James was often a polarizing figure in San Clemente city politics, and has recently been in the spotlight for a proposal to hire private security contractors to police the city’s beaches and ensure no homeless people are sleeping there. 

Before announcing he’s leaving office April 28, he proposed moving into an RV and living throughout the city while using help from nearby homeless assistance groups – something he later told Voice of OC was “tongue in cheek.”

He previously called homeless people criminals.

“They’re not victims, they’re victims of their own doing,” James said at the council’s March meeting. “The people living on our beaches are vagrants, they’re criminals.” 

The council is set to discuss his proposal more next month, by which time he’ll be gone. 

[Read: San Clemente Holds Off on Private Security to Clear Out Homeless People, For Now]

Questions around whether or not James is leaving have been circulating for weeks after his house was listed on April 5 according to Zillow. 
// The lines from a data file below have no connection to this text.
(* Let $p\ge1$, $\sigma^2>0$, $\boldsymbol\beta\in\mathbb{R}^p$ not identically zero with $\beta_1\le\cdots\le\beta_p$, $\delta_1^2,\dots,\delta_p^2>0$, $\sum_{i=1}^p\beta_i/\delta_i^2\ge0$, and $\Sigma=\sigma^2\boldsymbol\beta\boldsymbol\beta^\top+\mathrm{diag}(\delta_1^2,\dots,\delta_p^2)$. Let $w^L$ be the solution of $\min_w w^\top\Sigma w$ subject to $w^\top\mathbf{1}_p=1$, $w\ge0$, let $K=\{i:w^L_i>0\}$ and $k=|K|$, and suppose $k<p$. Suppose $q>0$ additional assets are added, with betas $\beta_{p+1},\dots,\beta_{p+q}$ and idiosyncratic variances $\delta_{p+1}^2,\dots,\delta_{p+q}^2>0$, giving the enlarged covariance matrix $\Sigma'=\sigma^2\boldsymbol\beta'\boldsymbol\beta'^\top+\mathrm{diag}(\delta_1^2,\dots,\delta_{p+q}^2)$ on $p+q$ assets. If $\beta_{p+m}\ge\beta_{k+1}$ for all $m=1,\dots,q$, then the long-only minimum variance portfolio of the enlarged market has the same active set $K$, and the weights of the assets in $K$ are the same as in $w^L$ (all added assets receive weight zero).
   Context: The long-only minimum variance portfolio for a positive definite covariance $\Sigma$ on $n$ assets is the unique minimizer of $w^\top\Sigma w$ over $w\in\mathbb{R}^n$ with $\sum_i w_i=1$, $w_i\ge0$. Its active set is the set of indices with strictly positive weight. *)

From HB Require Import structures.
From mathcomp Require Import all_boot all_order all_algebra.
Set Implicit Arguments. Unset Strict Implicit. Unset Printing Implicit Defensive.
Import Order.TTheory GRing.Theory Num.Theory.
Local Open Scope ring_scope.
Theorem theorem1 (K : fieldType) (T : nat -> lmodType K) (A2 : lmodType K)
  (tens : forall n, T n -> A2 -> T n.+1)
  (mul br : forall n, T n -> T n -> T n) (one : forall n, T n)
  (mul2 br2 : A2 -> A2 -> A2) (one2 : A2)
  (HT : forall n, is_tensor_product (@tens n))
  (HA1 : JL_algebra (mul 0%N) (br 0%N) (one 0%N))
  (HA2 : JL_algebra mul2 br2 one2)
  (Hkind : (JL_classical (mul 0%N) /\ JL_classical mul2) \/
           (JL_quantum (mul 0%N) (br 0%N) /\ JL_quantum mul2 br2))
  (Hmul_bil : forall n, is_bilinear (mul n))
  (Hbr_bil : forall n, is_bilinear (br n))
  (Hmul_tens : forall n x y a b,
     mul n.+1 (tens n x a) (tens n y b) = tens n (mul n x y) (mul2 a b))
  (Hbr_tens : forall n x y a b,
     br n.+1 (tens n x a) (tens n y b) =
       tens n (br n x y) (mul2 a b) + tens n (mul n y x) (br2 a b))
  (Hone_tens : forall n, one n.+1 = tens n (one n) one2)
  (C : T 0%N) (HC : forall a, br 0%N C a = 0)
  (phi : T 0%N -> T 1%N) (Hphi_lin : is_linear phi)
  (Hphi_br : forall a b, br 1%N (phi a) (phi b) = phi (br 0%N a b))
  (Hphi_mul : forall a b, mul 1%N (phi a) (phi b) = phi (mul 0%N a b))
  (Phi : forall k, T k -> T k.+1)
  (HPhi_lin : forall k, is_linear (@Phi k))
  (HPhi0 : forall x, Phi 0%N x = phi x)
  (HPhiS : forall k x a, Phi k.+1 (tens k x a) = tens k.+1 (Phi k x) a)
  (N : nat) (HN : (2 <= N)%N) :
  (forall i j, (2 <= i <= N)%N -> (2 <= j <= N)%N ->
     br (N.-1) (padTo tens one2 N.-1 (phis Phi i.-1 C))
               (padTo tens one2 N.-1 (phis Phi j.-1 C)) = 0) /\
  (forall a i, (2 <= i <= N)%N ->
     br (N.-1) (phis Phi N.-1 a) (padTo tens one2 N.-1 (phis Phi i.-1 C)) = 0).
Proof.
have [_ [_ [_ [_ [anti1 _]]]]] := HA1.
have HCr a : br 0%N a C = 0 by rewrite anti1 HC oppr0.
have HPhi0_mul x y : mul 1%N (Phi 0%N x) (Phi 0%N y) = Phi 0%N (mul 0%N x y).
  by rewrite !HPhi0 Hphi_mul.
have HPhi0_br x y : br 1%N (Phi 0%N x) (Phi 0%N y) = Phi 0%N (br 0%N x y).
  by rewrite !HPhi0 Hphi_br.
have casimir_l := br_phis_casimir_l HT HA2 Hmul_bil Hbr_bil Hmul_tens Hbr_tens
  HPhi_lin HPhiS HPhi0_mul HPhi0_br HC.
have casimir_r := br_phis_casimir_r HT HA2 Hmul_bil Hbr_bil Hmul_tens Hbr_tens
  HPhi_lin HPhiS HPhi0_mul HPhi0_br HCr.
have le_pred i : (i <= N)%N -> (i.-1 <= N.-1)%N by rewrite -!subn1 => /leq_sub2r.
split=> [i j /andP[_ /le_pred iN] /andP[_ /le_pred jN] | a i /andP[_ /le_pred iN]].
  have [ij | /ltnW ji] := leqP i.-1 j.-1.
    rewrite -(padTo_padTo tens one2 _ ij jN) (padTo_br HT HA2 Hbr_tens) //.
    by rewrite casimir_l // (padTo0 one2 HT).
  rewrite -(padTo_padTo tens one2 _ ji iN) (padTo_br HT HA2 Hbr_tens) //.
  by rewrite casimir_r // (padTo0 one2 HT).
exact: casimir_r.
Qed.
(* For [alpha = 1 / (8 lam^2)] the map [z |-> expR (- alpha z^2)] is concave on
   [|z| <= 2 lam], so by Jensen the truncated square loss is alpha-exp-concave:
   the exponential update shrinks the mass of the active experts at least as fast
   as [expR (- alpha * loss of the aggregate)].  As the total weight stays 1, the
   weight of a fixed expert [S], which starts at [1 / |Ss|], is at least
   [expR (alpha * R_S) / |Ss|], where [R_S] is the regret accumulated while [S] is
   active; hence [R_S <= 8 lam^2 ln |Ss|].  [S] is inactive only at its first point,
   costing at most [4 lam^2 <= 8 lam^2 ln e].  Undoing the truncation of [y] costs
   [2 (y - T y)^2 + 4 lam^2] at the points where [|y| > lam], and nothing elsewhere. *)

Section ExpSquareConcavity.
Context {R : realType}.

(* The tangent at [u] to [z |-> expR (- al * z ^+ 2)], divided by that function. *)
Definition tangent_ratio (al u z : R) : R :=
  (1 + 2 * al * u * (u - z)) * expR (al * (z ^+ 2 - u ^+ 2)).

Lemma is_derive_tangent_ratio (al u x : R) :
  is_derive x 1 (tangent_ratio al u)
    (2 * al * (x - u) * (1 - 2 * al * u * x) * expR (al * (x ^+ 2 - u ^+ 2))).
Proof.
have dexp : is_derive x 1 (fun z => expR (al * (z ^+ 2 - u ^+ 2)))
    (expR (al * (x ^+ 2 - u ^+ 2)) * (al * (2 * x))).
  by apply: is_derive1_comp; apply: is_derive_eq; rewrite /GRing.scale /=; ring.
have dlin : is_derive x 1 (fun z : R => 1 + 2 * al * u * (u - z)) (- (2 * al * u)).
  by apply: is_derive_eq; rewrite /GRing.scale /=; ring.
have := is_deriveM dlin dexp; rewrite -/(tangent_ratio al u) => /is_derive_eq; apply.
by rewrite /GRing.scale /=; ring.
Qed.

Lemma tangent_ratioNN (al u z : R) : tangent_ratio al (- u) (- z) = tangent_ratio al u z.
Proof. by rewrite /tangent_ratio !sqrrN; congr (_ * _); ring. Qed.

Lemma tangent_ratio_ge1 (al u v : R) : 0 <= al -> u <= v ->
  (forall z, u <= z <= v -> 2 * al * u * z <= 1) -> 1 <= tangent_ratio al u v.
Proof.
move=> al_ge0 uv uz_le1.
have -> : 1 = tangent_ratio al u u by rewrite /tangent_ratio !subrr !mulr0 addr0 mul1r expR0.
have derivable_ratio x : derivable (tangent_ratio al u) x 1.
  exact: (@ex_derive _ _ _ _ _ _ _ (is_derive_tangent_ratio al u x)).
apply: (@ger0_derive1_ndecr _ _ u v) => //.
- move=> x; rewrite in_itv /= => /andP[ux xv].
  rewrite derive1E (@derive_val _ _ _ _ _ _ _ (is_derive_tangent_ratio al u x)).
  have := uz_le1 x; rewrite (ltW ux) (ltW xv) => /(_ isT) uxz.
  apply: mulr_ge0; last exact: expR_ge0.
  by apply: mulr_ge0; [apply: mulr_ge0|]; lra.
- apply: continuous_subspaceT => x.
  exact/differentiable_continuous/derivable1_diffP.
Qed.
Some of James’ most well known votes on the city council were his support of the city’s decision to pull out of the county toll roads agency and his recent push to hire private security contractors to push homeless people off North Beach. 

He was also behind efforts to turn San Clemente into a Second Amendment sanctuary city, along with his support of a similar motion from Councilman Steve Knoblock that would ban abortion in the city that he later abandoned. 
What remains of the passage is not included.